Main Entry: shame
Etymology: Middle English, from Old English scamu; akin to Old High German scama shame
Date: before 12th century
1 a : a painful emotion caused by consciousness of guilt, shortcoming, or impropriety b : the susceptibility to such emotion
2 : a condition of humiliating disgrace or disrepute : IGNOMINY
3 a : something that brings censure or reproach; also : something to be regretted : PITY
you can't go> b : a cause of feeling shame
It is no secret I need to lose weight. I am sure I have said it in here before... but just incase I haven't, let me make myself very clear: I need to lose weight.
I feel like I woke up one day last year, suddenly fat. I know it actually did not happen that way... and I have my excuses but there is no viable reason why I should look the way I do now. I blame a lot of it on the paxil I was on last year... but still.. I should have adjusted my eating and NOT had that "extra" brownie or whatever the hell I did to deceive myself into believing I was not actually causing myself harm...
My husband has gained some weight too... though I doubt he has as much he needs to lose as I do... but, this morning, he took my (fragile, I will admit these days) feelings and just crushed them. Suddenly he decided it was my fault he has gained weight. That I do nothing to help him lose it, and the chips and crap "in the house every time I turn my back" (so he says) is making it MY fault he has gained weight. (No, he did not actually SAY my fault, but his message came through loud and clear.) Of all the things I did not need to worry about right now, this takes top place. I know damn well I need to lose weight, but now on top of worrying about losing the house, paying the bills, if he will ever find a damn job, etc, I also will continually have to worry about how fat he thinks I am.

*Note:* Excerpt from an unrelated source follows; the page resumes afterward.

(* For every $h\in C_\mathbb{R}(\mathcal{X}^n)$ and $\mu_1,\dots,\mu_n\in\mathrm{Prob}(\mathcal{X})$, $$P_\mathrm{sym}(h:\mu_1,\dots,\mu_n)=\max\{\mu(h)-\mathcal{I}_\mathrm{sym}(\mu):\mu\in\mathrm{Prob}_{\mu_1,\dots,\mu_n}(\mathcal{X}^n)\},$$ with the maximum attained; moreover $|P_\mathrm{sym}(h:\mu_1,\dots,\mu_n)-P_\mathrm{sym}(h':\mu_1,\dots,\mu_n)|\le\|h-h'\|$ for all $h,h'\in C_\mathbb{R}(\mathcal{X}^n)$.
   Context: $\mathcal{X}=\{t_1,\dots,t_d\}$ is a finite set with a fixed order $t_1<\dots<t_d$; $n\in\mathbb{N}$. $\mathrm{Prob}(\mathcal{X}^k)$ is the set of probability measures on $\mathcal{X}^k$, $C_\mathbb{R}(\mathcal{X}^n)$ the real functions on $\mathcal{X}^n$ with norm $\|f\|=\max|f|$; $\mu(h)=\sum_\mathbf{x}h(\mathbf{x})\mu(\mathbf{x})$. $\mathrm{Prob}_{\mu_1,\dots,\mu_n}(\mathcal{X}^n)$ is the set of $\mu\in\mathrm{Prob}(\mathcal{X}^n)$ whose $i$th marginal is $\mu_i$ for each $i$. For $\mathbf{x}\in\mathcal{X}^N$ its type is $\nu_\mathbf{x}(t)=\#\{j:x_j=t\}/N$. $\mathcal{X}_\le^N$ is the set of sequences in $\mathcal{X}^N$ of the form $(t_1,\dots,t_1,\dots,t_d,\dots,t_d)$. $S_N$ acts by $\sigma(\mathbf{x})=(x_{\sigma^{-1}(1)},\dots,x_{\sigma^{-1}(N)})$. An approximating sequence for $(\mu_1,\dots,\mu_n)$ is $\Xi(N)=(\xi_1(N),\dots,\xi_n(N))$ with $\xi_i(N)\in\mathcal{X}_\le^N$ and $\nu_{\xi_i(N)}(t)\to\mu_i(t)$ for all $t$. For $h\in C_\mathbb{R}(\mathcal{X}^n)$, $\kappa_N(h(\mathbf{x}_1,\dots,\mathbf{x}_n))=\frac1N\sum_{j=1}^Nh(x_{1j},\dots,x_{nj})$. The mutual pressure is $$P_\mathrm{sym}(h:\mu_1,\dots,\mu_n)=\limsup_{N\to\infty}\frac1N\log\Biggl[\frac1{(N!)^n}\sum_{\sigma_1,\dots,\sigma_n\in S_N}\exp\bigl(N\kappa_N(h(\sigma_1(\xi_1(N)),\dots,\sigma_n(\xi_n(N))))\bigr)\Biggr]$$ (independent of the approximating sequence), and for $\mu$ with marginals $\mu_1,\dots,\mu_n$, $\mathcal{I}_\mathrm{sym}(\mu)=\sup\{\mu(h)-P_\mathrm{sym}(h:\mu_1,\dots,\mu_n):h\in C_\mathbb{R}(\mathcal{X}^n)\}$. *)

From HB Require Import structures.
From mathcomp Require Import all_boot all_fingroup.
From Stdlib Require Import Reals ClassicalEpsilon.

This morning he just went on and on, and would not shut up.. but all I wanted to do was tell him to leave me the hell alone. It was like he has no sense of the right things to say, or to act like he gave a damn... though he insisted that was only how *I* was interpreting it.
No matter what his intent, it made me so angry, yet, at the same time immensely sad. I just wanted to crawl into a hole where no one could see me. I have realized what made me so angry now, so hopefully I can control it better in the future. He was using shame as a weapon. Making me feel guilty. Like he had no compassion about it at all. I will be controlled by no one. And to throw guilt in my face, will immediately infuriate me.
As I drove past a church the other day, on the sign out in front of it, I saw something written that, probably for the first time ever I agreed with from a church billboard, "He who angers you, controls you." And that is so true. I mean seriously, could my husband have any worse timing to decide to get nasty/pushy with me over my weight?
Then he started getting on me over my mood... saying things like "the stress is really getting to you isn't it." Good grief I just wanted to scream "YOU THINK SO???" Sometimes I think he is not as stressed about this as he should be. This is not a simple problem we have found ourselves in here... and then other times he does seem to understand... maybe he is just trying to deny how worried he is.
I still feel like I could just break into tears. Yeah, this is really what I needed right now.
And about everything else: we THINK the crisis has passed with the house. They got the down payment money, and we will not know if they got the fax for another day or so. I just really hope everything finally works out to our benefit with this. Now if only the damn tenants would pay their February rent on time.. (never going to happen.)
The phone is still silent for the most part. This is driving me crazy.